Figure 6.. Sivelestat modulates the innate immune response in MDS via the NFκB pathway.

(A) Left, HMGB1 protein expression by Western analysis of conditioned media from MDS-L cells in 12 h- or 24 h-culture with 300 µg/ml sivelestat or DMSO. Total protein as a loading control is visualized by Ponceau S staining. Right, quantification of HMGB1 protein in conditioned media for specified culture conditions. *P <0.0001 and = 0.01 for 12 h and 24 h, respectively. n= 3/group. (B) mRNA expression of TLR2 and TLR4 in MDS-L cells following culture with DMSO or 300 µg/ml sivelestat for 4 h. *P = 0.0007 and 0.005 TLR2 and TLR4, respectively. n= 3–4/group. (C) Left, Representative flow cytometry plots of isotype and TLR2 in CD34+ primary MDS at 72 h with DMSO or 300 µg/ml sivelestat. Right, Quantification of flow cytometric analysis at 12h, 24h and 72h from (C). *P = 0.01, 0.001, 0.0001 for 12h, 24h and 72h, respectively. n= 4–5/group. (D) Left, Representative flow cytometry plots of isotype and TLR4 in CD34+ primary MDS at 24 h. Right, Quantification of flow cytometric analysis at 24h from (D). *P = 0.007. n= 3–4/group. Student’s 2-tailed, unpaired t tests were used in these analyses. (E, F) Western blot of RelA following 24 h culture with sivelestat compared to DMSO in MDS-L (E) and in CD34+ MDS (F).
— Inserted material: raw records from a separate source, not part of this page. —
Lemma nonneg_integer_nat (z : Z) : 0 <= IZR z -> exists n : nat, IZR z = INR n.
Proof.
  intros Hz. exists (Z.to_nat z).
  rewrite INR_IZR_INZ, Z2Nat.id; [reflexivity|]. apply le_IZR. exact Hz.
Qed.

Section IntegerPartition.

Variable fam : hinterval -> Prop.
Variable T : R.
Hypothesis fam_length : forall I, fam I -> exists n : nat, (1 <= n)%nat /\ hi I - lo I = INR n.
Hypothesis fam_range : forall I x, fam I -> in_int I x -> 0 <= x < T.
Hypothesis fam_cover : forall x, 0 <= x < T -> exists I, fam I /\ in_int I x.
Hypothesis fam_disjoint : forall I J x, fam I -> fam J -> in_int I x -> in_int J x -> I = J.

Lemma fam_has_nat I : fam I -> exists n : nat, in_int I (INR n).
Proof.
  intros HI. destruct (fam_length I HI) as [len [Hlen Hhi]].
  apply le_INR in Hlen.
  destruct (interval_has_integer I) as [z Hz]; [simpl in Hlen; lra|].
  destruct (nonneg_integer_nat z) as [n Hn]; [apply (fam_range I _ HI Hz)|].
  exists n. rewrite <- Hn. exact Hz.
Qed.

Lemma fam_zero_left_end I : fam I -> in_int I 0 -> lclosed I = true /\ lo I = 0.
Proof.
  intros HI H0. pose proof (fam_length I HI) as [len [Hlen Hhi]].
  apply le_INR in Hlen. simpl in Hlen.
  unfold in_int in *. destruct (lclosed I) eqn:Ec.
  - assert (Hlo : 0 <= lo I) by (apply (fam_range I (lo I) HI); rewrite Ec; lra).
    split; [reflexivity | lra].
  - assert (Hneg : 0 <= lo I / 2) by (apply (fam_range I (lo I / 2) HI); rewrite Ec; lra).
    lra.
Qed.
Quantification of RelA level normalized to actin, a loading control for each sample. *P =0.03 and =0.0008 for 300 µg/ml and 600 µg/ml sivelestat vs. DMSO, respectively. n=6 from three independent studies for MDS-L. n= 1 biologic sample for CD34+ MDS; 2 technical replicates/group. (G) MDS-L cells were treated with DMSO or sivelestat (300 and 600 µg/ml) for 24 h. Cell lysates were applied to Proteome Profiler NFκB Array. Each target was assayed in duplicate. Shown are select protein targets that have been cropped from images shown in Fig. S6. Levels of proteins were analyzed compared to DMSO for each target. Abbreviations: CARD6, caspase recruitment domain 6; FADD, Fas-associated protein with death domain; IRAK1, Interleukin-1 receptor-associated kinase 1; TNFRSF3, Tumor Necrosis Factor Receptor SF3; TNFRSF10A, Tumor Necrosis Factor Receptor SF10A. Student’s 2-tailed, unpaired t tests were used in these analyses.